Problem details
Of the entries below, return exactly those lines that fall between the one containing "(* Up to a multiple" and the one containing "Lemma exists_ker_neq0 m", the two end lines included.

::::::::

(* Let $G$ be a graph on $d+2$ vertices, $k>1$, and $\overline{B_G} = \frac{1}{k^2-1}(B_G(k) + J) = \frac{1}{k^2-1} I - A_G$. Then $G$ has a spherical representation in $\mathbb{R}^d$ with distance ratio $k$ if and only if all of the following hold: (i) $w^T \overline{B_G} w \geq 0$ for all $w \in \mathbf{1}^{\perp}$; (ii) there exist a nonzero $w \in \mathbf{1}^{\perp}$ and a real $\gamma$ with $\overline{B_G} w = \gamma \mathbf{1}$; (iii) $\det(\overline{B_G}) = 0$; (iv) there exists $r_0 \in \mathbb{R}$ such that $rJ + \overline{B_G}$ is positive semidefinite for all $r \geq r_0$.
   Context: Graphs are finite and simple with vertices labeled $1,\dots,d+2$; $A_G$ is the adjacency matrix. A finite set $S\subset\mathbb{R}^d$ is a 2-distance set if $\{\|p-q\| : p,q\in S, p\neq q\}$ has exactly two elements $\alpha_1>\alpha_2$; its distance ratio is $k=\alpha_1/\alpha_2$; its associated graph has vertex set $S$ with $p,q$ adjacent iff $\|p-q\|=\alpha_1$. $G$ has a spherical representation in $\mathbb{R}^d$ with ratio $k$ if some 2-distance set in $\mathbb{R}^d$ with ratio $k$, lying on a $(d-1)$-dimensional sphere, has associated graph $G$. $B_G(k)$ is the matrix with $b_{ii}=0$, $b_{ij}=-1$ for non-adjacent $i\neq j$, $b_{ij}=-k^2$ for adjacent $i,j$. $J$ is the all-ones matrix, $\mathbf{1}$ the all-ones vector, $\mathbf{1}^\perp$ its orthogonal complement. *)

From HB Require Import structures.
From mathcomp Require Import all_boot all_order all_algebra.
From mathcomp Require Import reals.
Set Implicit Arguments. Unset Strict Implicit. Unset Printing Implicit Defensive.
Import Order.TTheory GRing.Theory Num.Theory.
Local Open Scope ring_scope.

Section Defs.
Variable R : realType.

Definition edist (d : nat) (p q : 'rV[R]_d) : R :=
  Num.sqrt (\sum_(i < d) (p 0 i - q 0 i) ^+ 2).

Definition on_sphere (d n : nat) (p : 'I_n -> 'rV[R]_d) : Prop :=
  exists (c : 'rV[R]_d) (rho : R), 0 < rho /\ forall i, edist (p i) c = rho.

(* The labeled point family p (S = image of p, |S| = n) is a 2-distance set
   whose distance set is exactly {a1, a2} with a1 > a2. *)
Definition two_distance (d n : nat) (p : 'I_n -> 'rV[R]_d) (a1 a2 : R) : Prop :=
  [/\ injective p, a2 < a1,
      (forall i j, i != j -> edist (p i) (p j) = a1 \/ edist (p i) (p j) = a2),
      (exists i j, i != j /\ edist (p i) (p j) = a1) &
      (exists i j, i != j /\ edist (p i) (p j) = a2)].

Definition spherical_rep (d : nat) (G : rel 'I_(d.+2)) (k : R) : Prop :=
  exists (p : 'I_(d.+2) -> 'rV[R]_d) (a1 a2 : R),
    [/\ two_distance p a1 a2, a1 / a2 = k, on_sphere p &
        (forall i j, i != j -> (G i j <-> edist (p i) (p j) = a1))].

Definition adjmx (n : nat) (G : rel 'I_n) : 'M[R]_n :=
  \matrix_(i, j) (G i j)%:R.

Definition Bmx (n : nat) (G : rel 'I_n) (k : R) : 'M[R]_n :=
  \matrix_(i, j) (if i == j then 0 else if G i j then - k ^+ 2 else -1).

Definition Jmx (n : nat) : 'M[R]_n := const_mx 1.
Definition ones (n : nat) : 'cV[R]_n := const_mx 1.

Definition Bbar (n : nat) (G : rel 'I_n) (k : R) : 'M[R]_n :=
  (k ^+ 2 - 1)^-1 *: (Bmx G k + Jmx n).

Definition perp1 (n : nat) (w : 'cV[R]_n) : Prop := (ones n)^T *m w = 0.

Definition qform (n : nat) (M : 'M[R]_n) (w : 'cV[R]_n) : R := (w^T *m M *m w) 0 0.

Definition psd (n : nat) (M : 'M[R]_n) : Prop :=
  M^T = M /\ forall x : 'cV[R]_n, 0 <= qform M x.

End Defs.

From HB Require Import structures.
From mathcomp Require Import all_boot all_order all_algebra.
From mathcomp Require Import reals.
From mathcomp Require Import ring lra zify.
Import Order.TTheory GRing.Theory Num.Theory.
Set Implicit Arguments. Unset Strict Implicit. Unset Printing Implicit Defensive.
Local Open Scope ring_scope.

(* Up to a multiple of J, Bbar is the Gram matrix of a spherical representation:
   if the points p_i lie on a sphere of radius rho around c, at mutual distances
   a2 and k a2, then the matrix of the (p_i - c).(p_j - c) equals
   beta (r J + Bbar) with beta = a2^2 (k^2 - 1) / 2 and r = (rho^2 - a2^2/2) / beta.
   So G has a spherical representation in R^d iff r J + Bbar = X X^T for some r
   and some (d+2) x d matrix X.  Such a factorization gives (i) and (iv), and a
   common kernel vector of X^T and 1^T, which exists because X has only d
   columns, gives (ii) and (iii).  Conversely, by (ii) and (iv) the psd matrix
   F = r0 J + Bbar kills w; subtracting a suitable multiple of J keeps it psd and
   puts into its kernel a vector y with 1^T y <> 0, so its rank is at most d and
   an LDL^T factorization of it produces X. *)

Lemma mx11_eq0 (V : nmodType) (A : 'M[V]_1) : (A 0 0 == 0) = (A == 0).
Proof.
by apply/eqP/eqP => [A0|->]; [rewrite [A]mx11_scalar A0 raddf0 | rewrite mxE].
Qed.

Section KernelRange.
Variable F : fieldType.

Lemma exists_ker_neq0 m n (A : 'M[F]_(m, n)) : (m < n)%N ->
  exists2 w : 'cV[F]_n, w != 0 & A *m w = 0.
Proof.
move=> lt_mn; have : kermx A^T != 0.
  by rewrite kermx_eq0 /row_free mxrank_tr ltn_eqF // (leq_ltn_trans (rank_leq_row A)).
case/rowV0Pn => v /sub_kermxP vA v_neq0; exists v^T; first by rewrite trmx_eq0.
by rewrite -[A]trmxK -trmx_mul vA trmx0.
Qed.

Lemma range_or_ker m n (A : 'M[F]_(m, n)) (b : 'cV[F]_n) :
  (exists z : 'cV_m, A^T *m z = b) \/ (exists2 y : 'cV_n, A *m y = 0 & b^T *m y != 0).
Proof.
have [/submxP [D bD] | ] := boolP (b^T <= A)%MS.
  by left; exists D^T; rewrite -trmx_mul -bD trmxK.
rewrite submxE => bC_neq0; right.
have /existsP [j bCj] : [exists j, col j (b^T *m cokermx A) != 0].
  apply: contraR bC_neq0 => /existsPn bC0; apply/eqP/matrixP => i j.
  by have /negPn/eqP/matrixP/(_ i 0) := bC0 j; rewrite !mxE.
exists (col j (cokermx A)); last by rewrite colE mulmxA -colE.
by rewrite colE mulmxA mulmx_coker mul0mx.
Qed.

::::::::

Answer for this exercise
(* Up to a multiple of J, Bbar is the Gram matrix of a spherical representation:
   if the points p_i lie on a sphere of radius rho around c, at mutual distances
   a2 and k a2, then the matrix of the (p_i - c).(p_j - c) equals
   beta (r J + Bbar) with beta = a2^2 (k^2 - 1) / 2 and r = (rho^2 - a2^2/2) / beta.
   So G has a spherical representation in R^d iff r J + Bbar = X X^T for some r
   and some (d+2) x d matrix X.  Such a factorization gives (i) and (iv), and a
   common kernel vector of X^T and 1^T, which exists because X has only d
   columns, gives (ii) and (iii).  Conversely, by (ii) and (iv) the psd matrix
   F = r0 J + Bbar kills w; subtracting a suitable multiple of J keeps it psd and
   puts into its kernel a vector y with 1^T y <> 0, so its rank is at most d and
   an LDL^T factorization of it produces X. *)

Lemma mx11_eq0 (V : nmodType) (A : 'M[V]_1) : (A 0 0 == 0) = (A == 0).
Proof.
by apply/eqP/eqP => [A0|->]; [rewrite [A]mx11_scalar A0 raddf0 | rewrite mxE].
Qed.

Section KernelRange.
Variable F : fieldType.

Lemma exists_ker_neq0 m n (A : 'M[F]_(m, n)) : (m < n)%N ->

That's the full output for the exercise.